TRY IT. Working from the records below, repeat exactly the lines starting at the line that contains "exact (pairing_of_absorbing M" and ending at the line that contains "- intros s t h; exact h.", inclusive.

(Saved data entries)
• • •
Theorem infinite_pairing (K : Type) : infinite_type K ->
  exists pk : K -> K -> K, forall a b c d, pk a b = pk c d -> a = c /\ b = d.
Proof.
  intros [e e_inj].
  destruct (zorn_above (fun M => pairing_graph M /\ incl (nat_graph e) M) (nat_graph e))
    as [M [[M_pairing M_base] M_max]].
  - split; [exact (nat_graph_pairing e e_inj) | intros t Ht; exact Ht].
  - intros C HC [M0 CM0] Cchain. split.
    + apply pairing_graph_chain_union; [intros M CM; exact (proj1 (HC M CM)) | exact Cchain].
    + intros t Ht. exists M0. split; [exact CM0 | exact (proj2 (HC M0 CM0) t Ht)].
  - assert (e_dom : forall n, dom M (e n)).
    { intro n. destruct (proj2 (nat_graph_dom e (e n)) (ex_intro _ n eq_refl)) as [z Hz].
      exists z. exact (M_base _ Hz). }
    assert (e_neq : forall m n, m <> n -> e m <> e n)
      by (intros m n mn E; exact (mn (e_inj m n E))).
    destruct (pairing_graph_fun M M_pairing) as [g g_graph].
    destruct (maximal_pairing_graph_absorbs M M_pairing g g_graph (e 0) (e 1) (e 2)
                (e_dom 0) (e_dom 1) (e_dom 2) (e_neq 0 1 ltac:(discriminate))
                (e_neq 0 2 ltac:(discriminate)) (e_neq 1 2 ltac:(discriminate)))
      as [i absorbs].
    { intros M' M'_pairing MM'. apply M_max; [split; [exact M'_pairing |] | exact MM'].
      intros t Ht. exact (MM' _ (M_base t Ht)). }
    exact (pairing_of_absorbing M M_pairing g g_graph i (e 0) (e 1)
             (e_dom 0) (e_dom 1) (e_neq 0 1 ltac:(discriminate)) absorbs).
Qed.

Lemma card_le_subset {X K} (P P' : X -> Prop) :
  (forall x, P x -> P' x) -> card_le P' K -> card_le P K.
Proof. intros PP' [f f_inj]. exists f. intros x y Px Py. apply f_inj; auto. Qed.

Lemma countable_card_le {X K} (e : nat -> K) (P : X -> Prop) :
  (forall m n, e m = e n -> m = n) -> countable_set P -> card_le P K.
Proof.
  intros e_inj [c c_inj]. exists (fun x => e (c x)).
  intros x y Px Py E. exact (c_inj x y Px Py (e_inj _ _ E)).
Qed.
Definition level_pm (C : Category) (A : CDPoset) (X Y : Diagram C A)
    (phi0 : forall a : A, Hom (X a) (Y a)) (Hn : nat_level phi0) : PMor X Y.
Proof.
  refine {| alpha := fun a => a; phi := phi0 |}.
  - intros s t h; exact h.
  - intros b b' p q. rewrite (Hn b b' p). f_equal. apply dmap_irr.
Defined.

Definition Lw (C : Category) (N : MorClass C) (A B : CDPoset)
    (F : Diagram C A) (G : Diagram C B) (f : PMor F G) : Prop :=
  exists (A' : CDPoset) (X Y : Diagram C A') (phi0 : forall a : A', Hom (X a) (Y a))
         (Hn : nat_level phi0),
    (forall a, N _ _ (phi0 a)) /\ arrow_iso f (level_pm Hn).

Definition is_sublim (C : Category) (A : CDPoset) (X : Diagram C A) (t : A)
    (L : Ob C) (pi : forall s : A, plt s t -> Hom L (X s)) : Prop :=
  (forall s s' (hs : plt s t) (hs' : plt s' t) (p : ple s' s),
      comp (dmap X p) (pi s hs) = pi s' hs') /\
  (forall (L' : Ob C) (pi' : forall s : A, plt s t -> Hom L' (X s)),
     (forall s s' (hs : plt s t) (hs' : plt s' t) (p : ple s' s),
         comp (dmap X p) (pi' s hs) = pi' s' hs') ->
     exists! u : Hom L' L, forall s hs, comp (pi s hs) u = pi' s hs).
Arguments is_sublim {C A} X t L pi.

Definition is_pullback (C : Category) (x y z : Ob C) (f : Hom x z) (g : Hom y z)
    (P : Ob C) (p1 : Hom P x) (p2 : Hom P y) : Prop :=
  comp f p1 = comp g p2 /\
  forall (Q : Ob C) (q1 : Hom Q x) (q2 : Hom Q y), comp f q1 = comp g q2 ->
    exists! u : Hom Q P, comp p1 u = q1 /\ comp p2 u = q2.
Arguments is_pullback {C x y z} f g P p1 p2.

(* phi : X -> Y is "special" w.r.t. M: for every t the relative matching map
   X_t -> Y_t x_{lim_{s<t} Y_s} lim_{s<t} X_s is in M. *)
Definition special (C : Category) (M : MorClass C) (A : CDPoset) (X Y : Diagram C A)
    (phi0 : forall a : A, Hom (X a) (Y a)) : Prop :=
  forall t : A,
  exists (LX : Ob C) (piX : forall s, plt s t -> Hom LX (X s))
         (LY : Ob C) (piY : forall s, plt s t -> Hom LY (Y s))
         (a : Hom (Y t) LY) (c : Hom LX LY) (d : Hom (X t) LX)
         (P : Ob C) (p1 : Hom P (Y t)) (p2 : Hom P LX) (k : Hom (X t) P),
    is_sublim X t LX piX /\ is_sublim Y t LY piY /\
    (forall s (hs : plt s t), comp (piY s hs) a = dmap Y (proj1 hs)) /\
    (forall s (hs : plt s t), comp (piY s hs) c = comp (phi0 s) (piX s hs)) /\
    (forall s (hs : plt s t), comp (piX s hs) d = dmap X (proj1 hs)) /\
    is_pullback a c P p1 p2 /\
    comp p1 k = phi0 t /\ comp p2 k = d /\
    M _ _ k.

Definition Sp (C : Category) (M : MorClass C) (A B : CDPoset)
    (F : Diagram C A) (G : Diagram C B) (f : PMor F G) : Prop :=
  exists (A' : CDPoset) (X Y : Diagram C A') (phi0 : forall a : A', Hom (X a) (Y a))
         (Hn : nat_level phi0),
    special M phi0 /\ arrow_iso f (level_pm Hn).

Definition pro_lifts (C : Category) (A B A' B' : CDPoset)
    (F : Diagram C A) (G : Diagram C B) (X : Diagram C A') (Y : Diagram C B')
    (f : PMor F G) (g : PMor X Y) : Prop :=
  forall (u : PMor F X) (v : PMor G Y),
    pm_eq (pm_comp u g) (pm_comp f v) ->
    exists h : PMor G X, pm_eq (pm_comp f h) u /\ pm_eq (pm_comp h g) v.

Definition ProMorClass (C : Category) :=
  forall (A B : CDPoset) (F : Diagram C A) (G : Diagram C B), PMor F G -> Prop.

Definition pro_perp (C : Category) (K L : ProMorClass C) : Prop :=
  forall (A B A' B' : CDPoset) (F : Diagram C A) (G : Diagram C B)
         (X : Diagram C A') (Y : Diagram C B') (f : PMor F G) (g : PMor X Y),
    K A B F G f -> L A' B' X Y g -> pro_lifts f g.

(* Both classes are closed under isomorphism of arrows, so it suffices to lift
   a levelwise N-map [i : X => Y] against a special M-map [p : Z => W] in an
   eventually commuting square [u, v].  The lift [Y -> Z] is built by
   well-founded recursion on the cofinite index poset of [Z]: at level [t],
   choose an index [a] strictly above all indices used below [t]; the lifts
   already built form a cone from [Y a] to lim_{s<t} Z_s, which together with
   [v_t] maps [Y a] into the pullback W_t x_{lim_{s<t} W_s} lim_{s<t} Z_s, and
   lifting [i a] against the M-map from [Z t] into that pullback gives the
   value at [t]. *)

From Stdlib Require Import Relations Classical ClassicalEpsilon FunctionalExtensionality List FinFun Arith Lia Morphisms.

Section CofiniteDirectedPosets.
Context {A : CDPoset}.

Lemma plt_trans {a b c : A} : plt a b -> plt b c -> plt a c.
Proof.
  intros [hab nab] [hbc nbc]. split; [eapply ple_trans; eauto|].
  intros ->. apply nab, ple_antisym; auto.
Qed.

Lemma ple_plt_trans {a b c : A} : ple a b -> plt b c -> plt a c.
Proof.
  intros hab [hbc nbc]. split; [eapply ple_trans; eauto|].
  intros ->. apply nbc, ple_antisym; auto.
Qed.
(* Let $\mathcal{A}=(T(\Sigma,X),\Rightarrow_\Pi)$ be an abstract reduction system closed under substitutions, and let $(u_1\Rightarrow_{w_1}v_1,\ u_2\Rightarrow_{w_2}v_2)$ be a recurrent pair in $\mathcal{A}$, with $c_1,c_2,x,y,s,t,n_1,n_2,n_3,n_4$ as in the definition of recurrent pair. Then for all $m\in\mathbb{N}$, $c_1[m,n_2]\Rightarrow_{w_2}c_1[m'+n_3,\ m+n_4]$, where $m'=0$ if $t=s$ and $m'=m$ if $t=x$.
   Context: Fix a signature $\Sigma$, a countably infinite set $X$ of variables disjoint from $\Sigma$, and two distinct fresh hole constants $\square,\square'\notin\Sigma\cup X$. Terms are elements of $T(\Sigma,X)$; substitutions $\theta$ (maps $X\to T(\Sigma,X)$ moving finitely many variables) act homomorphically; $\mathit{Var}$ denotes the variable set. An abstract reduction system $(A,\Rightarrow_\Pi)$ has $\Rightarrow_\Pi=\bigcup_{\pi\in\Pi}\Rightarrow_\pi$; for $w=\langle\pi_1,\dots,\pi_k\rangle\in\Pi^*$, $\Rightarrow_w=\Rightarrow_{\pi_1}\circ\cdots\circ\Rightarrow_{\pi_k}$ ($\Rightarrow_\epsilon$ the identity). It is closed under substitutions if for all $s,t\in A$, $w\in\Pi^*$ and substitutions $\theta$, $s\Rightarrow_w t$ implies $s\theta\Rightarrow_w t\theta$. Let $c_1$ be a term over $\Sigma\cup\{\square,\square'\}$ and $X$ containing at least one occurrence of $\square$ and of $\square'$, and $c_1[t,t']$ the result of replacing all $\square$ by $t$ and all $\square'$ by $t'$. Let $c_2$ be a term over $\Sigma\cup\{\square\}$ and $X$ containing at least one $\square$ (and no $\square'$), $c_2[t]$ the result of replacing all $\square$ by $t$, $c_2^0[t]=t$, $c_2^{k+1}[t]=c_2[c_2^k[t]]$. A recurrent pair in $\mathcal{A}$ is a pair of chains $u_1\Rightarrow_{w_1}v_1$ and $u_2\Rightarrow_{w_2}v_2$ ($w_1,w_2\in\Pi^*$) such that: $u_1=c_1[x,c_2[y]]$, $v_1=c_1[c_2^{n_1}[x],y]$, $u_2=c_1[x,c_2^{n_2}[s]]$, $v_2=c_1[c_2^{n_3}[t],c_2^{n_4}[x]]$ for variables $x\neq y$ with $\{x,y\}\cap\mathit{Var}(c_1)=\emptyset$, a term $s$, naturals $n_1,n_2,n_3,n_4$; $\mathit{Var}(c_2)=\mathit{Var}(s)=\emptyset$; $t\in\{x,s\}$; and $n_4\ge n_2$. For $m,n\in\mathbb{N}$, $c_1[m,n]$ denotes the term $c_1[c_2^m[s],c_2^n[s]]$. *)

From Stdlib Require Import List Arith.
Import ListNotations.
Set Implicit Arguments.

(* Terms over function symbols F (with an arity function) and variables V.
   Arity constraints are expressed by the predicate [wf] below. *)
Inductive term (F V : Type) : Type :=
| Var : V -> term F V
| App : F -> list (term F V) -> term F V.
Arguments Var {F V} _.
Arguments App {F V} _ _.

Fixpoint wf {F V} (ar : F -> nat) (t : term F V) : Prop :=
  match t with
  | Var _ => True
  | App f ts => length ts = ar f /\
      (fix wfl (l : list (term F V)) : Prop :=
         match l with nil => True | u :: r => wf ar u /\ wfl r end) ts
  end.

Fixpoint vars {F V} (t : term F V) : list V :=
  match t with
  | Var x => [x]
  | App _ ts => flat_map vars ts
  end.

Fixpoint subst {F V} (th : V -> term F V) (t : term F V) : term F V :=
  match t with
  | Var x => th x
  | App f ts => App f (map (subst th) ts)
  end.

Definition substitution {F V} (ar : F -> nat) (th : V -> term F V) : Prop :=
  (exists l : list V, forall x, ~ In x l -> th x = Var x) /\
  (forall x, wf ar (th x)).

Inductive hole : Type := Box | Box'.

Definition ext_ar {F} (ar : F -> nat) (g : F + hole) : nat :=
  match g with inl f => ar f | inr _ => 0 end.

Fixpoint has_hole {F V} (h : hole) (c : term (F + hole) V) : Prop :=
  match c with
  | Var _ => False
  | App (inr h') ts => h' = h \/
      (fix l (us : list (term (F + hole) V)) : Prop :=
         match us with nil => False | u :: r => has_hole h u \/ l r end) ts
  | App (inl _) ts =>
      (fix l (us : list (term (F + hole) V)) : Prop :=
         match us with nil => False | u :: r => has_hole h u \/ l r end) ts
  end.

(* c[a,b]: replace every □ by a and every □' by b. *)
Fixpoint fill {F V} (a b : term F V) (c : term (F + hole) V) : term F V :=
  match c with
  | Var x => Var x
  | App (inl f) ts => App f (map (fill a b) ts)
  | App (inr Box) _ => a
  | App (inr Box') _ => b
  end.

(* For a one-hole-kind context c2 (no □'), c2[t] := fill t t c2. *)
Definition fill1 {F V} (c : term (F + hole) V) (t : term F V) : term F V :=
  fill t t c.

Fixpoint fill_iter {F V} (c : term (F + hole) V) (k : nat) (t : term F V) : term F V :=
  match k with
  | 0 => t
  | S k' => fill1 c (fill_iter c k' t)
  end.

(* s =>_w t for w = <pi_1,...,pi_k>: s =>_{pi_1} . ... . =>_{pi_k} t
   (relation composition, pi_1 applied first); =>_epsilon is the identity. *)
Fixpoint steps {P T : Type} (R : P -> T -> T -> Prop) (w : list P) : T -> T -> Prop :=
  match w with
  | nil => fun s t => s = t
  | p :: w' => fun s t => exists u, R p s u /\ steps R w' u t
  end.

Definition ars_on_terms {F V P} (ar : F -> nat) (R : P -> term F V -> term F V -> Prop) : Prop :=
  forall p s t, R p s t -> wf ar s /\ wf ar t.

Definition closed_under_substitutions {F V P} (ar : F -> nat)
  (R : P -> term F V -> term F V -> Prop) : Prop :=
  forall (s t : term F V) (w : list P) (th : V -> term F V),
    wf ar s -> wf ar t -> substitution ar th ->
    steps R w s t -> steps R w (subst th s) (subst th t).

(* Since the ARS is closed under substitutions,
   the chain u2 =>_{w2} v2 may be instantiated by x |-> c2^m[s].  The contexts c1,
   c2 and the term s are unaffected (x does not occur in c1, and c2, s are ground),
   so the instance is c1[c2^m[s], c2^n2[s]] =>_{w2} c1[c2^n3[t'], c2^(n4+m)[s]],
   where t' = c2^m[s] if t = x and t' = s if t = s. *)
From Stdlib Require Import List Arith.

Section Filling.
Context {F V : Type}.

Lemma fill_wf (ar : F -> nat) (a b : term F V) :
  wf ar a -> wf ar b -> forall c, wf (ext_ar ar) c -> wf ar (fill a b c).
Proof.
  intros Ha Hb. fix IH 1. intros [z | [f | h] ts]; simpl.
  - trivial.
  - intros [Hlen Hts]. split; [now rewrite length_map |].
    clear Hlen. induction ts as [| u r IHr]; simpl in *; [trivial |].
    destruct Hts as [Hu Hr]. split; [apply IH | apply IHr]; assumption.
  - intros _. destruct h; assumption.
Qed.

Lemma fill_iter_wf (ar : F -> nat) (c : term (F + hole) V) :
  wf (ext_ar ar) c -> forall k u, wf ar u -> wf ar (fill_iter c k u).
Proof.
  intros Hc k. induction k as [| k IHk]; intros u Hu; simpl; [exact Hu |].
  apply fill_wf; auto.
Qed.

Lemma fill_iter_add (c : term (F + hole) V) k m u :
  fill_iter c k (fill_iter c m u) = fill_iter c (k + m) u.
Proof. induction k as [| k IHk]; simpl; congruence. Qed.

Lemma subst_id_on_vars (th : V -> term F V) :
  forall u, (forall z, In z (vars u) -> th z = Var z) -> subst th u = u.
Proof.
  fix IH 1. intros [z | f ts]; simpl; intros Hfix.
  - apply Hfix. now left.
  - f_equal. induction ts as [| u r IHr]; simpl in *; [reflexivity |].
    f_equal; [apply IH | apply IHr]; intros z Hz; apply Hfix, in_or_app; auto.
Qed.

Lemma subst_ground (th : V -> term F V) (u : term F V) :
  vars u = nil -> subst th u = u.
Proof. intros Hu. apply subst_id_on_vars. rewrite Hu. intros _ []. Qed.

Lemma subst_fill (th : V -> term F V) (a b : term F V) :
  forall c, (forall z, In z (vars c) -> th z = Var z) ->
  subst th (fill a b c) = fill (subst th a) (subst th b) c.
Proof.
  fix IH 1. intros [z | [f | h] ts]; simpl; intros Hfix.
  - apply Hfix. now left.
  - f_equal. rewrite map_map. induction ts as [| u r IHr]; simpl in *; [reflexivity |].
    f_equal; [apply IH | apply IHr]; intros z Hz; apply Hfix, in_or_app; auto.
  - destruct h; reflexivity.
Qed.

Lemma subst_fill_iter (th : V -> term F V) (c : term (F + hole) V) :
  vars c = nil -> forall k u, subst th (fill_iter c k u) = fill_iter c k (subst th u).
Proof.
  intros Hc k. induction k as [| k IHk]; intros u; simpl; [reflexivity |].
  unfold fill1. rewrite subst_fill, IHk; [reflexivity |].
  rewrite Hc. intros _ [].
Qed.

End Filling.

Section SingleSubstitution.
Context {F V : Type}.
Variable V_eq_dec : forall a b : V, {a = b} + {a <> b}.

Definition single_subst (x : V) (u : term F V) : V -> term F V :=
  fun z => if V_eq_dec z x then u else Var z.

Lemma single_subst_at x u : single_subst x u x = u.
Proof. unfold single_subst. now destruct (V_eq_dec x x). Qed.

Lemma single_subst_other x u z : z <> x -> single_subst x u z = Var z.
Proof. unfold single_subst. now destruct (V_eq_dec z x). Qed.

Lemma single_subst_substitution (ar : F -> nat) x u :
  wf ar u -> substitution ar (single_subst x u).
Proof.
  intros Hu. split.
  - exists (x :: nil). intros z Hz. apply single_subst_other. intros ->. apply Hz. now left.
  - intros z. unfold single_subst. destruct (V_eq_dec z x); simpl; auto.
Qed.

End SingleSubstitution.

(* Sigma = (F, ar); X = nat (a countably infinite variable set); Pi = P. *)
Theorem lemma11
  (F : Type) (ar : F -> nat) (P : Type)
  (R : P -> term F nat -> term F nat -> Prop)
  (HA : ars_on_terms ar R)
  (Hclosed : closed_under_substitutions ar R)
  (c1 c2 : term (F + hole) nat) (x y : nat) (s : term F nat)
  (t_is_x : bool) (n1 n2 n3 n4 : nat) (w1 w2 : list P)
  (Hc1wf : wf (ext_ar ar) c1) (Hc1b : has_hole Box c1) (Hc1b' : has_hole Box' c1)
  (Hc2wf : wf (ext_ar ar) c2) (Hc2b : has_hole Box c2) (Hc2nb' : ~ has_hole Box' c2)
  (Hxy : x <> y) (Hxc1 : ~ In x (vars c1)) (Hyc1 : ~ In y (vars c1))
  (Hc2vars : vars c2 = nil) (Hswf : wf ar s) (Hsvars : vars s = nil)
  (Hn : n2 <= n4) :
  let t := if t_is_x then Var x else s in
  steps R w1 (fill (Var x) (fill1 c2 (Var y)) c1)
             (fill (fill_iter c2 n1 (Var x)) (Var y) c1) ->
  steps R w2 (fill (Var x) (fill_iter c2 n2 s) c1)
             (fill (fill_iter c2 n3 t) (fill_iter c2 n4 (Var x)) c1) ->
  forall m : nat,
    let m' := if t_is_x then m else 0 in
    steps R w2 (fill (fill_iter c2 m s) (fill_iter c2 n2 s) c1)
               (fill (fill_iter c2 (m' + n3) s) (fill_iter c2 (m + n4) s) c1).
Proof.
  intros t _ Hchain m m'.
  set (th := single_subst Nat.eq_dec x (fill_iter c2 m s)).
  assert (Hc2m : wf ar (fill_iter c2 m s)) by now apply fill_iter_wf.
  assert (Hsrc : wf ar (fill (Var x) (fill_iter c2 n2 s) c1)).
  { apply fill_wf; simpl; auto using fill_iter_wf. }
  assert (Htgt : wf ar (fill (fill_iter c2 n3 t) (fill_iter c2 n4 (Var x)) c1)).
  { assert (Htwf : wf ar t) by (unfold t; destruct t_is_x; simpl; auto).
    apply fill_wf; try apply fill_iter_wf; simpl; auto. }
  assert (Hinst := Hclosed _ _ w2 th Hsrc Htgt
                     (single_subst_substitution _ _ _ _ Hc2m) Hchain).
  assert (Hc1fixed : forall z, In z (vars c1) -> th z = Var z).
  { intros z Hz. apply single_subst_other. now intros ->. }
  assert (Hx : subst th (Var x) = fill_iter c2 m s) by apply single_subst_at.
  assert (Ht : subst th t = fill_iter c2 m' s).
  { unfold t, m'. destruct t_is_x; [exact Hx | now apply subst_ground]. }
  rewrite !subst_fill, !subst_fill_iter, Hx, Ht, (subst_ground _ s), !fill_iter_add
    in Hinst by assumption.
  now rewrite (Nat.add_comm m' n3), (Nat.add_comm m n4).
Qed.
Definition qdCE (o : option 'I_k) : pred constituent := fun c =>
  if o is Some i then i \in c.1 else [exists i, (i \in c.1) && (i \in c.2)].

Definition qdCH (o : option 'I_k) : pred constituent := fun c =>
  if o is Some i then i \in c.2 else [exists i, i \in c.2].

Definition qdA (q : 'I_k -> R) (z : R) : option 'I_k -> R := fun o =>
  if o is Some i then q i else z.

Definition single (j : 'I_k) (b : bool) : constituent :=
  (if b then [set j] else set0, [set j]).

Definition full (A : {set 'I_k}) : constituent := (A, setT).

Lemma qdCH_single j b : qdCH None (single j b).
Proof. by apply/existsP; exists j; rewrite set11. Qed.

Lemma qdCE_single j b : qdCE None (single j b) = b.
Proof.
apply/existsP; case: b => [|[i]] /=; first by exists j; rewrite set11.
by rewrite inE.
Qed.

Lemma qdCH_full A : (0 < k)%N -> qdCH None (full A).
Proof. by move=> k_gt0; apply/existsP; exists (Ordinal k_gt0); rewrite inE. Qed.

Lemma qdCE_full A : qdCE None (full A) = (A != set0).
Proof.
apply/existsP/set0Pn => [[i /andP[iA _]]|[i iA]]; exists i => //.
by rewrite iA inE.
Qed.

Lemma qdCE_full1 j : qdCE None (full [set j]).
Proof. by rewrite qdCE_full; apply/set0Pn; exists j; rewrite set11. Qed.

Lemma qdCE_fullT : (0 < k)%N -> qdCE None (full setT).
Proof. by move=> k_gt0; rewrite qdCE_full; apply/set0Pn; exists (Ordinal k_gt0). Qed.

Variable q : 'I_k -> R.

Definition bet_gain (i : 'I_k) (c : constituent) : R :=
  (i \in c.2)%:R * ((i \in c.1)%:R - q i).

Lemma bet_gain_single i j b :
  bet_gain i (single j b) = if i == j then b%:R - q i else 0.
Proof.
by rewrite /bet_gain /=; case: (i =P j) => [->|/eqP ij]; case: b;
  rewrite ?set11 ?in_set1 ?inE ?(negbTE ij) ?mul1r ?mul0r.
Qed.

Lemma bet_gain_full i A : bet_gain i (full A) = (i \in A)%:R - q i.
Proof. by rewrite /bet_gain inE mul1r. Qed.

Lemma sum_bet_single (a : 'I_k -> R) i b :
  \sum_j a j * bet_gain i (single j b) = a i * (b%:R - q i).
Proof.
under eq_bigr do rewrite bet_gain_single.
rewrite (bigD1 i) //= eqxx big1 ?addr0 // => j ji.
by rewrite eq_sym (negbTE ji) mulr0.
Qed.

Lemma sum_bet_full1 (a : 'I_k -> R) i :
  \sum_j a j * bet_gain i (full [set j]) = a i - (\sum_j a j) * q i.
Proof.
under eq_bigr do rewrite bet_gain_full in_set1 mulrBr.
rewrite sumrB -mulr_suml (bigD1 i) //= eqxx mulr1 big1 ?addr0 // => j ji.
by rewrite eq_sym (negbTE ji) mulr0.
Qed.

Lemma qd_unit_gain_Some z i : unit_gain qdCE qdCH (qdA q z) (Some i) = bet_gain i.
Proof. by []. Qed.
• • •
ANSWER BOX.
    exact (pairing_of_absorbing M M_pairing g g_graph i (e 0) (e 1)
             (e_dom 0) (e_dom 1) (e_neq 0 1 ltac:(discriminate)) absorbs).
Qed.

Lemma card_le_subset {X K} (P P' : X -> Prop) :
  (forall x, P x -> P' x) -> card_le P' K -> card_le P K.
Proof. intros PP' [f f_inj]. exists f. intros x y Px Py. apply f_inj; auto. Qed.

Lemma countable_card_le {X K} (e : nat -> K) (P : X -> Prop) :
  (forall m n, e m = e n -> m = n) -> countable_set P -> card_le P K.
Proof.
  intros e_inj [c c_inj]. exists (fun x => e (c x)).
  intros x y Px Py E. exact (c_inj x y Px Py (e_inj _ _ E)).
Qed.
Definition level_pm (C : Category) (A : CDPoset) (X Y : Diagram C A)
    (phi0 : forall a : A, Hom (X a) (Y a)) (Hn : nat_level phi0) : PMor X Y.
Proof.
  refine {| alpha := fun a => a; phi := phi0 |}.
  - intros s t h; exact h.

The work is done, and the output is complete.